By Barnini Chakraborty

Published February 06, 2013

FoxNews.com

WASHINGTON –  Democratic lawmakers from states that recently approved pot legalization measures are pushing a pair of proposals at the federal level that would end the national ban on marijuana -- regulating and taxing the drug instead. 

While the measures are giving the cannabis movement some publicity in Washington this week, realistically, the bills are unlikely to pass the GOP-controlled House. Critics say legalizing marijuana will not provide the economic windfall proponents promise. They also argue that it would only worsen the drug problems facing states, which they say include addiction and violence.

Still, some say, getting them this far is a milestone on an issue that was laughed off less than a decade ago.

“Marijuana prohibition is on the way out,” Mason Tvert, communications director at the Marijuana Policy Project told FoxNews.com Wednesday. “There’s a national conversation taking place and there are lawmakers who are taking this issue seriously.”

On Tuesday, Reps. Jared Polis, D-Colo., and Earl Blumenauer, D-Ore., introduced two separate bills that would drastically change the country’s marijuana laws by addressing what they say are the human and fiscal costs associated with pot-related arrests.

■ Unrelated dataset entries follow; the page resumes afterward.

(* $(\widetilde{W}_{\tilde v},\prec_{\tilde o^*})$ does not admit a regular nice labeling. Consequently, Thiagarajan's conjecture (a prime event structure is isomorphic to the event structure of a finite 1-safe Petri net if and only if it is regular; equivalently, an event structure is regular if and only if it is a regular trace event structure) is false.
   Context: Let $\mathbf{X}$ be Wise's complete square complex (from Wise, ''Complete square complexes''): a $VH$-complex with a single vertex, three vertical edges colored $a,b,c$, two horizontal edges colored $x,y$, and six squares, with horizontal edges oriented left to right and vertical edges bottom to top; its universal cover contains a directed plane whose tiling by (preimages of) these squares is not doubly periodic, and in the quarter-plane spanned by the rays colored $y$ and $c$ from a vertex every positive word in $x,y$ of length $n$ appears as the label of a horizontal path of length $n$ starting at one of the first $2^n$ vertices of the vertical $c$-ray, all these words being distinct. Let $W$ be obtained from the first barycentric subdivision of $\mathbf{X}$ (forgetting colors) by attaching to each edge midpoint of color $\alpha$ a path (tip) of length $r(\alpha)$, for a fixed bijection $r:\{a,b,c,x,y\}\to\{1,\dots,5\}$, with edges oriented as in the subdivision (left to right, bottom to top) and tip edges oriented away from their roots (orientation $o^*$). Let $\widetilde{W}$ be the universal cover of $W$ with induced orientation $\tilde o^*$ and partial order $\prec_{\tilde o^*}$, and for a preimage $\tilde v$ of the original vertex of $\mathbf{X}$ let $\widetilde{W}_{\tilde v}$ be the principal filter of $\tilde v$; $(\widetilde{W}_{\tilde v},\prec_{\tilde o^*})$ is the domain of a regular event structure (finite degree and finitely many isomorphism types of futures of configurations). A nice labeling is a labeling of events (equivalently, of the directed edges of the domain, with opposite edges of every square equally labeled) such that co-initial events (edges leaving the same vertex) get different labels; it is regular if it uses a finite alphabet and the labeled event structure has finitely many isomorphism types of labeled futures. Every regular trace labeling is a regular nice labeling. *)

From Stdlib Require Import List Relations.
From mathcomp Require Import all_boot.
Set Implicit Arguments. Unset Strict Implicit. Unset Printing Implicit Defensive.

(* Edge colours: vertical a b c, horizontal x y. *)
Inductive col := ca | cb | cc | cx | cy.

(* An (oriented) square of the VH-complex X: its bottom and top edges are
   horizontal (oriented left to right), its left and right edges are
   vertical (oriented bottom to top); its boundary reads
   bottom . right = left . top. *)
Record square := Sq { sbot : col; sleft : col; stop : col; sright : col }.

(* The six squares of Wise's complete square complex (up to renaming the
   colours).  Relations: xa=ay, xc=bx, xb=cy, yb=ax, yc=by,
   ya=cx. *)
Definition wise_squares : list square :=
  [:: Sq cx ca cy ca; Sq cx cb cx cc; Sq cx cc cy cb;
      Sq cy ca cx cb; Sq cy cb cy cc; Sq cy cc cx ca].

(* The fundamental group pi_1(X) (X has a single vertex), as words in   *)
(* the oriented edges modulo free reduction and the square relators.    *)
(* Its elements are the vertices of the universal cover of X.           *)

Definition letter := (col * bool)%type.   (* (e, true) = e, (e, false) = e^-1 *)
Definition word := list letter.
Definition linv (l : letter) : letter := (l.1, ~~ l.2).

Inductive elem : word -> word -> Prop :=
| el_cancel l : elem [:: l; linv l] [::]
| el_sq s : List.In s wise_squares ->
    elem [:: (sbot s, true); (sright s, true)] [:: (sleft s, true); (stop s, true)].

Inductive wstep : word -> word -> Prop :=
| ws p q u v : elem u v -> wstep (p ++ u ++ q) (p ++ v ++ q).

Definition geq : word -> word -> Prop := clos_refl_sym_trans word wstep.

(* The universal cover W~ of W, where W = (cubical) first barycentric   *)
(* subdivision of X with a tip of length r(alpha) attached to every edge *)
(* midpoint of colour alpha.  Raw vertices are indexed by group words:   *)
(*   RV g      : lift g of the original vertex of X                      *)
(*   RM g e    : midpoint of the e-coloured edge of X~ from g to g.e     *)
(*   RC g s    : centre of the lift of square s with bottom-left corner g*)
(*   RT g e k  : k-th vertex (1 <= k <= r e) of the tip at RM g e        *)

Inductive rv :=
| RV of word
| RM of word & col
| RC of word & square
| RT of word & col & nat.

Inductive rveq : rv -> rv -> Prop :=
| rveqV w w' : geq w w' -> rveq (RV w) (RV w')
| rveqM w w' e : geq w w' -> rveq (RM w e) (RM w' e)
| rveqC w w' s : geq w w' -> rveq (RC w s) (RC w' s)
| rveqT w w' e k : geq w w' -> rveq (RT w e k) (RT w' e k).

(* Directed edges of W~ with the orientation o~star: subdivided edges left to
   right / bottom to top, tip edges away from their roots. *)
Inductive redge (r : col -> nat) : rv -> rv -> Prop :=
| e_vm w e : redge r (RV w) (RM w e)
| e_mv w e : redge r (RM w e) (RV (w ++ [:: (e, true)]))
| e_lc w s : List.In s wise_squares -> redge r (RM w (sleft s)) (RC w s)
| e_bc w s : List.In s wise_squares -> redge r (RM w (sbot s)) (RC w s)
| e_cr w s : List.In s wise_squares ->
    redge r (RC w s) (RM (w ++ [:: (sbot s, true)]) (sright s))
| e_ct w s : List.In s wise_squares ->
    redge r (RC w s) (RM (w ++ [:: (sleft s, true)]) (stop s))
| e_mt w e : 1 <= r e -> redge r (RM w e) (RT w e 1)
| e_tt w e k : 1 <= k -> k.+1 <= r e -> redge r (RT w e k) (RT w e k.+1).

(* The (directed) squares of W~: the four quarters of each subdivided
   square, given as (source, horizontal successor, vertical successor,
   sink). *)
Inductive rsq : rv -> rv -> rv -> rv -> Prop :=
| q_bl w s : List.In s wise_squares ->
    rsq (RV w) (RM w (sbot s)) (RM w (sleft s)) (RC w s)
| q_br w s : List.In s wise_squares ->
    rsq (RM w (sbot s)) (RV (w ++ [:: (sbot s, true)])) (RC w s)
        (RM (w ++ [:: (sbot s, true)]) (sright s))
| q_tl w s : List.In s wise_squares ->
    rsq (RM w (sleft s)) (RC w s) (RV (w ++ [:: (sleft s, true)]))
        (RM (w ++ [:: (sleft s, true)]) (stop s))
| q_tr w s : List.In s wise_squares ->
    rsq (RC w s) (RM (w ++ [:: (sbot s, true)]) (sright s))
        (RM (w ++ [:: (sleft s, true)]) (stop s))
        (RV (w ++ [:: (sbot s, true); (sright s, true)])).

“We are in the process of a dramatic shift in the marijuana policy landscape,” Blumenauer said in a written statement.

“We want the federal government to be a responsible partner with the rest of the universe of marijuana interests while we address what federal policy should be regarding drug taxation, classification and legality,” he added.

Blumenauer’s bill would create a tax model for the drug similar to those in place for alcohol and tobacco. His bill would impose a 50 percent excise tax on the first sale of marijuana from growers to retailers. Pot producers would be forced to pay an annual $1,000 fee. Civil and criminal penalties would apply if producers and retailers don’t pay their taxes. 

While his proposal won’t force states to legalize the drug, it will give states that have already legalized it “the certainty of knowing that federal agents won’t raid state-legal businesses.”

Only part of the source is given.